A major challenge in wheat (Triticum aestivum L.) production is the optimization of yields and resource use efficiency. Using a data assimilation approach based on 126 studies performed in China between 1980 and 2018, this study quantified how water and nitrogen (N) inputs affect wheat yields (1332 observations), water productivity (WPc, 648), and fertiliser N use efficiency (NUEf, 299). The interactive effects of soil nutrients (e.g., initial concentrations of N, phosphorus, and potassium), climate conditions (temperature and precipitation), and management practices (water and N input, and irrigation method) were also examined. The mean wheat yield, WPc, and NUEf were 6.5 ± 1.9 t ha−1, 1.8 ± 0.5 kg m-3, and 30.5 ± 12.6 kg kg−1, respectively. The input of water increased wheat yield, WPc, and NUEf only when the input amounts were less than 295, 104, and 378 mm, respectively; input of N increased wheat yields and WPc until N inputs were greater than 226 and 342 kg ha-1, respectively. Additionally, variable partitioning analysis suggested that management practices, climate parameters, and soil properties alone explained 24 %, 26 %, and 26 % of the variation of the response ratio (effect size between the treatment and control) for yield (RRY), WPc (RRWPc), and NUEf (RRNUEf), respectively. Specifically, the initial soil N and potassium concentrations critically affected RRY, RRWPc, and RRNUEf. RRY and RRNUEf were negatively correlated with mean annual temperature.

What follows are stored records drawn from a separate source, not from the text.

(* The quotient M/P of a module by a submodule P is the colimit of the diagram
   with two objects R and M whose arrows R -> M are r |-> r p (p in P) and 0.
   As Gamma_a preserves this colimit, Gamma_a(M/P) is spanned by the image of
   Gamma_a(M): every a-torsion class of M/P lifts to an a-torsion element of M.
   For P = Gamma_a(M) the lift shows that the class was already zero, so
   Gamma_a is a radical; for M = R and P = a every class of R/a is killed by a,
   hence lifts to Gamma_a(R), which gives R = Gamma_a(R) + a. *)

From Pilot Require Import Defs.
From HB Require Import structures.
From mathcomp Require Import all_boot all_order all_algebra.
From Stdlib Require Import ClassicalEpsilon.
Import GRing.Theory.
Local Open Scope ring_scope.
Local Open Scope quotient_scope.
Set Implicit Arguments. Unset Strict Implicit.

Definition classic_pred (T : Type) (A : T -> Prop) : {pred T} :=
  fun x => if excluded_middle_informative (A x) then true else false.

Lemma classic_predP (T : Type) (A : T -> Prop) x :
  reflect (A x) (x \in classic_pred A).
Proof.
by rewrite unfold_in /classic_pred; case: excluded_middle_informative; constructor.
Qed.

Section LinearFun.
Variables (R : comPzRingType) (U W : lmodType R) (f : U -> W).
Hypothesis f_lin : linear f.

Lemma linear_fun0 : f 0 = 0.
Proof. by have := f_lin (-1) 0 0; rewrite scaler0 add0r scaleN1r addNr. Qed.

Lemma linear_funB x y : f (x - y) = f x - f y.
Proof. by rewrite -scaleN1r addrC f_lin scaleN1r addrC. Qed.

End LinearFun.

Section QuotientModule.
Variables (R : comPzRingType) (V : lmodType R) (P : {pred V}).
Hypothesis submodP : submod_closed P.

Definition submod_key : {pred V} := P.
HB.instance Definition _ := GRing.isSubmodClosed.Build R V submod_key submodP.

Definition quotmod := Quotient.quot (GRing.ZmodClosed.clone V submod_key _).
Definition qpi : V -> quotmod := \pi_quotmod.

Lemma qpi_eq x y : qpi x = qpi y <-> x - y \in P.
Proof.
have := @Quotient.idealrBE V (GRing.ZmodClosed.clone V submod_key _) x y.
by rewrite /qpi /quotmod => ->; split=> [->|/eqP].
Qed.

Lemma qpiD x y : qpi (x + y) = qpi x + qpi y.
Proof. exact: Quotient.pi_add. Qed.

Lemma qpi0 : qpi 0 = 0.
Proof. exact: (raddf0 (\pi_quotmod : V -> quotmod)). Qed.

Lemma qpi_eq0 x : qpi x = 0 <-> x \in P.
Proof. by rewrite -qpi0 qpi_eq subr0. Qed.

Lemma qpiK q : qpi (repr q) = q.
Proof. exact: reprK. Qed.

Definition qscale (r : R) (q : quotmod) : quotmod := qpi (r *: repr q).

Lemma qpi_qscale r x : qpi (r *: x) = qscale r (qpi x).
Proof.
apply/qpi_eq; rewrite -scalerBr.
by apply: (@rpredZ _ _ submod_key); apply/qpi_eq; rewrite qpiK.
Qed.

Lemma qscaleA r s q : qscale r (qscale s q) = qscale (r * s) q.
Proof. by rewrite -[q]qpiK -!qpi_qscale scalerA. Qed.

Lemma qscale1 : left_id 1 qscale.
Proof. by move=> q; rewrite -[q]qpiK -qpi_qscale scale1r. Qed.

Lemma qscaleDr : right_distributive qscale +%R.
Proof. by move=> r p q; rewrite -[p]qpiK -[q]qpiK -qpiD -!qpi_qscale scalerDr qpiD. Qed.

Lemma qscaleDl q : {morph qscale^~ q : r s / r + s}.
Proof. by move=> r s; rewrite -[q]qpiK -!qpi_qscale scalerDl qpiD. Qed.

HB.instance Definition _ := GRing.Zmodule.on quotmod.
HB.instance Definition _ :=
  GRing.Zmodule_isLmodule.Build R quotmod qscaleA qscale1 qscaleDr qscaleDl.

Lemma qpiZ r x : qpi (r *: x) = r *: qpi x.
Proof. exact: qpi_qscale. Qed.

Lemma qpi_linear : linear qpi.
Proof. by move=> r x y; rewrite qpiD qpiZ. Qed.

End QuotientModule.

Lemma colimit_span (R : comPzRingType) (C : category) (F : Ob C -> lmodType R)
    (Fm : forall i j, @Defs.Hom C i j -> F i -> F j) (L : lmodType R)
    (c : forall i, F i -> L) (S : {pred L}) :
  is_colimit Fm c -> submod_closed S -> (forall i x, c i x \in S) ->
  forall y, y \in S.
Proof.
move=> [_ univ] submodS cS y.
pose zero i (_ : F i) : quotmod submodS := 0.
have zero_lin i : linear (zero i) by move=> r x z; rewrite /zero scaler0 addr0.
have [u [_ u_uniq]] := univ _ zero (conj zero_lin (fun _ _ _ _ => erefl)).
have qpi_factor i x : qpi submodS (c i x) = zero i x by apply/qpi_eq0.
have const0_lin : linear (fun _ : L => 0 : quotmod submodS).
  by move=> r x z; rewrite scaler0 addr0.
apply/qpi_eq0.
rewrite (u_uniq _ (qpi_linear submodS) qpi_factor).
by rewrite -(u_uniq _ const0_lin (fun _ _ => erefl)).
Qed.

Section CoequalizerShape.
Variable J : Type.

(* Objects are [false] (source) and [true] (target); [None] is every identity
   and also the extra arrow [false -> true], [Some t] the arrows indexed by J. *)
Definition coeq_arrow (i j : bool) (f : option J) : bool :=
  if i then j && ~~ isSome f else j || ~~ isSome f.

Definition coeq_hom (i j : bool) := {f : option J | coeq_arrow i j f}.

Definition coeq_id (i : bool) : coeq_hom i i :=
  exist (coeq_arrow i i) None ltac:(by case: i).

Lemma coeq_comp_subproof i j k (h : coeq_hom j k) (e : coeq_hom i j) :
  coeq_arrow i k (if isSome (sval h) then sval h else sval e).
Proof. by case: h e => [[x|] hh] [[y|] he]; case: i j k hh he => [] [] []. Qed.

Definition coeq_comp i j k (h : coeq_hom j k) (e : coeq_hom i j) : coeq_hom i k :=
  exist (coeq_arrow i k) _ (coeq_comp_subproof h e).

Lemma coeq_comp_id_l i j (f : coeq_hom i j) : coeq_comp (coeq_id j) f = f.
Proof. exact: val_inj. Qed.

Lemma coeq_comp_id_r i j (f : coeq_hom i j) : coeq_comp f (coeq_id i) = f.
Proof. by apply: val_inj => /=; case: (sval f). Qed.

Lemma coeq_comp_assoc i j k l
    (f : coeq_hom i j) (g : coeq_hom j k) (h : coeq_hom k l) :
  coeq_comp h (coeq_comp g f) = coeq_comp (coeq_comp h g) f.
Proof. by apply: val_inj => /=; case: (sval h) => //; case: (sval g). Qed.

Definition coeq_par (t : J) : coeq_hom false true :=
  exist (coeq_arrow false true) (Some t) isT.

Definition coeq_zero : coeq_hom false true :=
  exist (coeq_arrow false true) None isT.

Definition coeq_cat : category :=
  Category coeq_comp_id_l coeq_comp_id_r coeq_comp_assoc.

End CoequalizerShape.

Section QuotientPresentation.
Variables (R : comPzRingType) (M : lmodType R) (P : {pred M}).
Hypothesis submodP : submod_closed P.

Let J := {p : M | p \in P}.

Definition pres_ob (i : bool) : lmodType R := if i then M else R^o.

Definition pres_map (i j : bool) : coeq_hom J i j -> pres_ob i -> pres_ob j :=
  match i, j with
  | false, false => fun _ r => r
  | false, true => fun f r => if sval f is Some p then r *: sval p else 0
  | true, true => fun _ x => x
  | true, false => fun _ _ => 0
  end.

Lemma pres_map_linear i j (f : coeq_hom J i j) : linear (pres_map f).
Proof.
case: i j f => [] [] f r x y //=; rewrite ?scaler0 ?addr0 //.
by case: (sval f) => [p|]; rewrite ?scaler0 ?addr0 // scalerDl scalerA.
Qed.

Lemma pres_map_id i x : pres_map (coeq_id J i) x = x.
Proof. by case: i x. Qed.

Lemma pres_map_comp i j k (f : coeq_hom J i j) (g : coeq_hom J j k) x :
  pres_map (coeq_comp g f) x = pres_map g (pres_map f x).
Proof.
case: f g => [f hf] [g hg].
by case: i j k hf hg x => [] [] []; case: f => [?|]; case: g => [?|] //= _ _ x;
  rewrite ?scaler0 ?linear_fun0 //; apply: pres_map_linear.
Qed.

Definition pres_diagram : diagram R (coeq_cat J) :=
  @Diagram R (coeq_cat J) pres_ob pres_map pres_map_linear pres_map_id pres_map_comp.

Definition pres_cocone : forall i, pres_ob i -> quotmod submodP :=
  fun i => if i is true then qpi submodP else fun _ => 0.
Arguments pres_cocone : clear implicits.

Lemma pres_cocone_linear i : linear (pres_cocone i).
Proof. by case: i => r x y /=; [apply: qpi_linear | rewrite scaler0 addr0]. Qed.

Lemma pres_cocone_colimit : is_colimit (@dmap R _ pres_diagram) pres_cocone.
Proof.
split.
  split=> [|i j [f hf] x]; first exact: pres_cocone_linear.
  case: i j hf x => [] [] //= _ x.
  case: f => [[p hp]|] /=; last exact: qpi0.
  by rewrite qpiZ (proj2 (qpi_eq0 _ _) hp) scaler0.
move=> N k [k_lin k_cocone].
have k_zero r : k false r = 0.
  by rewrite -(k_cocone _ _ (coeq_zero J) r); exact: (linear_fun0 (k_lin true)).
have k_P y : y \in P -> k true y = 0.
  move=> hy; have := k_cocone _ _ (coeq_par (exist _ y hy)) 1.
  by rewrite /= scale1r k_zero.
have k_qpi x y : qpi submodP x = qpi submodP y -> k true x = k true y.
  move=> /qpi_eq /k_P; rewrite (linear_funB (k_lin true)) => /eqP.
  by rewrite subr_eq0 => /eqP.
exists (fun q => k true (repr q)); split.
  split=> [r q1 q2 | [] x] /=.
  - by rewrite -(k_lin true); apply: k_qpi; rewrite qpi_linear !qpiK.
  - by apply: k_qpi; rewrite qpiK.
  - by rewrite k_zero (k_qpi _ 0) ?qpiK ?qpi0 //; exact: (linear_fun0 (k_lin true)).
by move=> u' _ u'_fact q; rewrite -{1}(qpiK q) (u'_fact true).
Qed.
Definition symmetric_stochastic_irreducible (q : Y -> Y -> R) : Prop :=
  [/\ forall y y', q y y' = q y' y,
      forall y y', 0 <= q y y',
      forall y, \sum_(y' : Y) q y y' = 1 &
      forall y y', connect (fun u v => 0 < q u v) y y'].

Definition is_eigenvalue (q : Y -> Y -> R) (l : R) : Prop :=
  exists f : Y -> R, (exists y, f y != 0) /\ forall y, Qop q f y = l * f y.

Definition eigen_enum (q : Y -> Y -> R) (m : nat) (lam : 'I_m.+1 -> R) : Prop :=
  [/\ lam ord0 = 1, injective lam,
      forall i, is_eigenvalue q (lam i) &
      forall l, is_eigenvalue q l -> exists i, lam i = l].

Definition inW (q : Y -> Y -> R) m (lam : 'I_m.+1 -> R) (i : 'I_m.+1) (f : Y -> R) : bool :=
  [forall y, Qop q f y == lam i * f y].

Variable n : nat.
Definition pfun := {ffun 'I_n -> option Y}.
Definition dom (t : pfun) : {set 'I_n} := [set j | t j != None].
Definition psub (phi t : pfun) : bool :=
  [forall j, (phi j == None) || (phi j == t j)].

(* D_k : L(Theta_k) -> L(Theta_{k-1}) and D_k^* : L(Theta_{k-1}) -> L(Theta_k);
   functions on Theta_j are represented as functions on all partial functions,
   only their values on Theta_j matter. *)
Definition Dk (k : nat) (F : pfun -> R) : pfun -> R :=
  fun phi => \sum_(t : pfun | (#|dom t| == k) && psub phi t) F t.
Definition Dkstar (k : nat) (G : pfun -> R) : pfun -> R :=
  fun t => \sum_(phi : pfun | (#|dom phi| == k.-1) && psub phi t) G phi.

Definition evalj (Fj : 'I_n -> Y -> R) (t : pfun) (j : 'I_n) : R :=
  match t j with Some y => Fj j y | None => 0 end.

Definition fund (A : {set 'I_n}) (Fj : 'I_n -> Y -> R) (t : pfun) : R :=
  if dom t == A then \prod_(j in A) evalj Fj t j else 0.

Therefore, this study will be helpful for large-scale modelling or design of water and/or N management practices to improve wheat yield, WPc, and NUEf.

Suggested Citation

  • Li, Zhou & Zhang, Qingping & Wei, Wanrong & Cui, Song & Tang, Wei & Li, Yuan, 2020. "Determining effects of water and nitrogen inputs on wheat yield and water productivity and nitrogen use efficiency in China: A quantitative synthesis," Agricultural Water Management, Elsevier, vol. 242(C).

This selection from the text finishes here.